Ramona wiped her eyes but there were no tears, they were just tired. She started walking up the long driveway to her house, the cracks filled with moss. I still remember the hot August day mi hijo was born, a day so hot you could fry an egg on the sidewalk. The doctor said my son came out so fast he had to catch him like a football. Hey, I remember now, tomorrow’s his birthday, and you know in a way my special day too.
Bendito día.
When she entered the dark house, something told her to look in the closet. She moved a dusty yoga mat aide, and there it was, an umbrella just like the one she had pitched. Now, I remember, if I liked something I always bought a duplicate. Who would believe it? Aquí está.

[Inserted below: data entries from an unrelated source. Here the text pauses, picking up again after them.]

(* Let $T=T_{\lambda\Delta}$ be a non-degenerate T-graph. Embed $\mathcal H$ in the plane as follows: each white vertex $w$ is placed at the centre of mass of the triangle $\psi(w)$; each black vertex $b$ is placed at the unique vertex of $T$ lying in the interior of the segment $\psi(b)$; a white vertex $w$ and a black vertex $b$ are joined by a straight edge if and only if the segment $\psi(b)$ shares more than one point with the triangle $\psi(w)$. Then this is a proper embedding of $\mathcal H$ (the edges so drawn are exactly the edges of $\mathcal H$ and no two of them cross).
   Context: Setup. $\mathcal H$ is the hexagonal lattice with black/white bipartition, $\mathcal H^\dagger$ its dual triangular lattice, whose faces are coloured black or white according to the vertex of $\mathcal H$ they contain. A T-graph $T=T_{\lambda\Delta}=\psi(\mathcal H^\dagger)\subset\mathbb C$ is the image of $\mathcal H^\dagger$ under a map $\psi=\psi_{\lambda\Delta}$ defined on vertices of $\mathcal H^\dagger$ as the primitive of an explicit gradient flow (depending on a triangle $\Delta$ with angles $\pi p_a,\pi p_b,\pi p_c$, $p_a+p_b+p_c=1$, $p_\bullet\in(0,1)$, and a unit complex number $\lambda$) and extended affinely on edges. The following properties hold: the image of each black face of $\mathcal H^\dagger$ is a segment; the image of each white face is a triangle similar to $\Delta$ with orientation preserved; these triangles cover the plane with disjoint interiors; if two segments intersect, the intersection point is an endpoint of at least one of them. $T$ is called non-degenerate if no white triangle is degenerate to a point and every point $\psi(v)$, $v$ a vertex of $\mathcal H^\dagger$, belongs to exactly three segments, being an endpoint of two of them and in the interior of the third (this holds for Lebesgue-a.e. $\lambda$). The points $\psi(v)$ are the vertices of $T$ (all segment endpoints are of this form), edges of $T$ are the portions of segments between consecutive vertices, faces of $T$ are the white triangles. One writes $\psi(b)$ for the segment image of the black face containing the black vertex $b$ of $\mathcal H$, and $\psi(w)$ for the triangle image of the white face containing white $w$. Each segment $\psi(b)$ contains exactly one vertex of $T$ in its interior. *)

(* real plane geometry, points of C = R^2 as pairs. *)
From Stdlib Require Import Reals Lra ZArith List Permutation.
Open Scope R_scope.

Definition Point : Type := (R * R)%type.

Definition padd (p q : Point) : Point := (fst p + fst q, snd p + snd q).
Definition psub (p q : Point) : Point := (fst p - fst q, snd p - snd q).
Definition pscale (t : R) (p : Point) : Point := (t * fst p, t * snd p).
Definition cmul (a p : Point) : Point :=
  (fst a * fst p - snd a * snd p, fst a * snd p + snd a * fst p).
Definition dist2 (p q : Point) : R :=
  (fst p - fst q) * (fst p - fst q) + (snd p - snd q) * (snd p - snd q).
(* twice the signed area of (p,q,r); > 0 iff counterclockwise *)
Definition orient (p q r : Point) : R :=
  (fst q - fst p) * (snd r - snd p) - (snd q - snd p) * (fst r - fst p).

Definition hull3 (p q r : Point) (z : Point) : Prop :=
  exists a b c : R, 0 <= a /\ 0 <= b /\ 0 <= c /\ a + b + c = 1 /\
    z = padd (pscale a p) (padd (pscale b q) (pscale c r)).

Definition cseg (p q : Point) (z : Point) : Prop :=
  exists t : R, 0 <= t <= 1 /\ z = padd p (pscale t (psub q p)).

Definition openseg (q r z : Point) : Prop :=
  q <> r /\ exists t : R, 0 < t < 1 /\ z = padd q (pscale t (psub r q)).

(* extreme point of a set (for a segment: an endpoint) *)
Definition extreme (S : Point -> Prop) (z : Point) : Prop :=
  S z /\ ~ (exists q r, S q /\ S r /\ openseg q r z).

Definition interior (S : Point -> Prop) (z : Point) : Prop :=
  exists e : R, 0 < e /\ forall u, dist2 u z < e * e -> S u.

(* ---- Lattices ----
   Vertices of the triangular lattice H^dagger : Z*Z.
   White vertex w=(x,y) of H  <-> up-triangle   {(x,y),(x+1,y),(x,y+1)}.
   Black vertex b=(x,y) of H  <-> down-triangle {(x+1,y),(x,y+1),(x+1,y+1)}.
   Two vertices of H are adjacent iff their triangles share an edge. *)
Definition ZP : Type := (Z * Z)%type.

Definition wface (w : ZP) : ZP * ZP * ZP :=
  let (x, y) := w in ((x, y), ((x + 1)%Z, y), (x, (y + 1)%Z)).
Definition bface (b : ZP) : ZP * ZP * ZP :=
  let (x, y) := b in (((x + 1)%Z, y), (x, (y + 1)%Z), ((x + 1)%Z, (y + 1)%Z)).

Definition adjH (w b : ZP) : Prop :=
  let (x, y) := w in
  b = (x, y) \/ b = (x, (y - 1)%Z) \/ b = ((x - 1)%Z, y).

Definition img3 (psi : ZP -> Point) (f : ZP * ZP * ZP) : Point * Point * Point :=
  match f with (u, v, t) => (psi u, psi v, psi t) end.

(* psi(w) and psi(b) as subsets of the plane (psi extended affinely) *)
Definition psiW (psi : ZP -> Point) (w : ZP) : Point -> Prop :=
  match img3 psi (wface w) with (p, q, r) => hull3 p q r end.
Definition psiB (psi : ZP -> Point) (b : ZP) : Point -> Prop :=
  match img3 psi (bface b) with (p, q, r) => hull3 p q r end.

Record is_Tgraph (d0 d1 d2 : Point) (psi : ZP -> Point) : Prop := {
  (* image of each black face is a segment: its three vertex images are collinear *)
  tg_black_segment : forall b,
    match img3 psi (bface b) with (p, q, r) => orient p q r = 0 end;
  (* image of each white face is a triangle similar to Delta, orientation preserved *)
  tg_white_similar : forall w, exists a c : Point,
    match img3 psi (wface w) with (p, q, r) =>
      Permutation (p :: q :: r :: nil)
        (padd (cmul a d0) c :: padd (cmul a d1) c :: padd (cmul a d2) c :: nil) end;
  tg_cover : forall z, exists w, psiW psi w z;
  tg_disjoint : forall w w' z, w <> w' ->
    interior (psiW psi w) z -> interior (psiW psi w') z -> False;
  tg_seg_inter : forall b b' z, b <> b' -> psiB psi b z -> psiB psi b' z ->
    extreme (psiB psi b) z \/ extreme (psiB psi b') z;
  tg_one_inner : forall b, exists v,
    psiB psi b (psi v) /\ ~ extreme (psiB psi b) (psi v) /\
    forall v', psiB psi b (psi v') -> ~ extreme (psiB psi b) (psi v') ->
      psi v' = psi v
}.
Definition stable (p : R) (m1 m2 : dist) (st : strat) : Prop :=
  equilibrium p m1 m2 st /\ balanced p m1 m2 st /\
  forall t1 t2 : option Theta,
    (t1 <> None \/ t2 <> None) ->
    (forall th, t1 = Some th -> ~ In th (supp m1)) ->
    (forall th, t2 = Some th -> ~ In th (supp m2)) ->
    forall eta, 0 < eta ->
    exists etab epsb, 0 <= etab < eta /\ 0 < epsb < 1 /\
      forall e1 e2 : R,
        (t1 <> None -> 0 < e1 < 1) ->
        (t2 <> None -> 0 < e2 < 1) ->
        0 < epsnorm t1 t2 e1 e2 < epsb ->
        (exists st', nearby p m1 m2 (post m1 t1 e1) (post m2 t2 e2) st st' etab) /\
        (forall st', nearby p m1 m2 (post m1 t1 e1) (post m2 t2 e2) st st' etab ->
           cond_i p m1 m2 t1 t2 (post m1 t1 e1) (post m2 t2 e2) st' \/
           balanced p (post m1 t1 e1) (post m2 t2 e2) st').

Definition pure_stable (p : R) (a1 a2 : act) : Prop :=
  exists (m1 m2 : dist) (st : strat),
    valid_dist m1 /\ valid_dist m2 /\ stable p m1 m2 st /\
    forall x y, aggregate p m1 m2 st x y = (if andb (act_eqb x a1) (act_eqb y a2) then 1 else 0).

From Stdlib Require Import Reals Lra List FunctionalExtensionality ClassicalEpsilon.
(* Imported after [Reals], so that [C] is the action and not the binomial coefficient. *)
Import ListNotations.
Open Scope R_scope.
Lemma cvgC_add (u v : nat -> R[i]) l m :
  cvgC u l -> cvgC v m -> cvgC (fun n => u n + v n) (l + m).
Proof.
move=> hu hv e e0; have e20 : 0 < e / 2 by apply: divr_gt0.
have [N1 hN1] := hu _ e20; have [N2 hN2] := hv _ e20.
exists (maxn N1 N2) => n; rewrite geq_max => /andP[/hN1 h1 /hN2 h2].
have -> : u n + v n - (l + m) = (u n - l) + (v n - m) by ring.
by apply: le_lt_trans (cabsD _ _) _; lra.
Qed.

Lemma cvgC_sum (I : Type) (s : seq I) (a_ : nat -> I -> R[i]) (a : I -> R[i]) :
  (forall i, cvgC (fun n => a_ n i) (a i)) ->
  cvgC (fun n => \sum_(i <- s) a_ n i) (\sum_(i <- s) a i).
Proof.
move=> ha; elim: s => [|i s IH].
  by move=> e e0; exists 0%N => n _; rewrite !big_nil subrr cabs0.
under eq_fun => n do rewrite big_cons.
by rewrite big_cons; apply: cvgC_add.
Qed.

End ComplexModulus.

Section UnconditionalSums.
Variables (R : realType) (X : countType).

Lemma hasSumR_ge_term (a : X -> R) s k :
  (forall l, 0 <= a l) -> hasSumR a s -> a k <= s.
Proof.
move=> a0 hs; apply/ler_addgt0Pr => e e0.
have [F0 hF0] := hs e e0.
pose F := undup (k :: F0).
have uF : uniq F by apply: undup_uniq.
have kF : k \in F by rewrite mem_undup inE eqxx.
have sF : {subset F0 <= F} by move=> x xF0; rewrite mem_undup inE xF0 orbT.
have := hF0 F uF sF.
rewrite (bigD1_seq k kF uF) /=.
have : 0 <= \sum_(i <- F | i != k) a i by apply: sumr_ge0.
move=> h1 h2; have := ler_norm ((a k + \sum_(i <- F | i != k) a i) - s).
rewrite distrC; lra.
Qed.

(* Finite sums of a nonnegative family bounded by K are nearly maximised by some F1,
   so every finite sum disjoint from F1 is small. *)
Lemma bounded_sums_tail_small (D : X -> R) K :
  (forall l, 0 <= D l) -> (forall F, uniq F -> \sum_(l <- F) D l <= K) ->
  forall e, 0 < e -> exists F1 : seq X, forall G, uniq G ->
    (forall x, x \in G -> x \notin F1) -> \sum_(l <- G) D l < e.
Proof.
move=> D0 hK e e0.
pose E : set R := fun r => exists2 F : seq X, uniq F & r = \sum_(l <- F) D l.
have hE : has_sup E.
  split; first by exists 0; exists [::]; rewrite ?big_nil.
  by exists K => _ [F uF ->]; apply: hK.
have [_ [F1 uF1 ->] hF1] := sup_adherent e0 hE.
exists F1 => G uG dG.
have uFG : uniq (F1 ++ G).
  by rewrite cat_uniq uF1 uG andbT; apply/hasPn => x /dG.
have : \sum_(l <- F1 ++ G) D l <= sup E by apply: sup_upper_bound => //; exists (F1 ++ G).
rewrite big_cat /=; lra.
Qed.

She picked it up, wiped the dust off the fabric with her sweaty palm, and smiled. Stepping outside, she pushed the open button, for her mother had told her it was bad luck or mala suerte to open an umbrella inside, and the umbrella flew open before her, dark, and shiny like a murder of crows in flight. Then, she noticed that there was a long tear in the fabric.
Suddenly, she remembered how the wind once blew the umbrella out of her hands, and it landed in her rose bush. Despite taking her time, when she pulled it out, it got snagged leaving a slit, an emptiness. Now when she poked a crooked finger through the rip, a tear plopped on the linoleum.
The umbrella placed back in the closet, she sat down in the easy chair next to the picture window, the exact spot where her husband had died in his sleep after a massive heart attack, years ago. With eyes closed, she drifted, waded in a pool of darkness.
Tomorrow, mi hijo is coming, and I’ll tell him the saga of the old umbrella.
How we’ll laugh. But is there anything to laugh about?
Sure, there is, I’m sure he’d agree, no matter what, there’s always something to laugh about even when you feel like crying.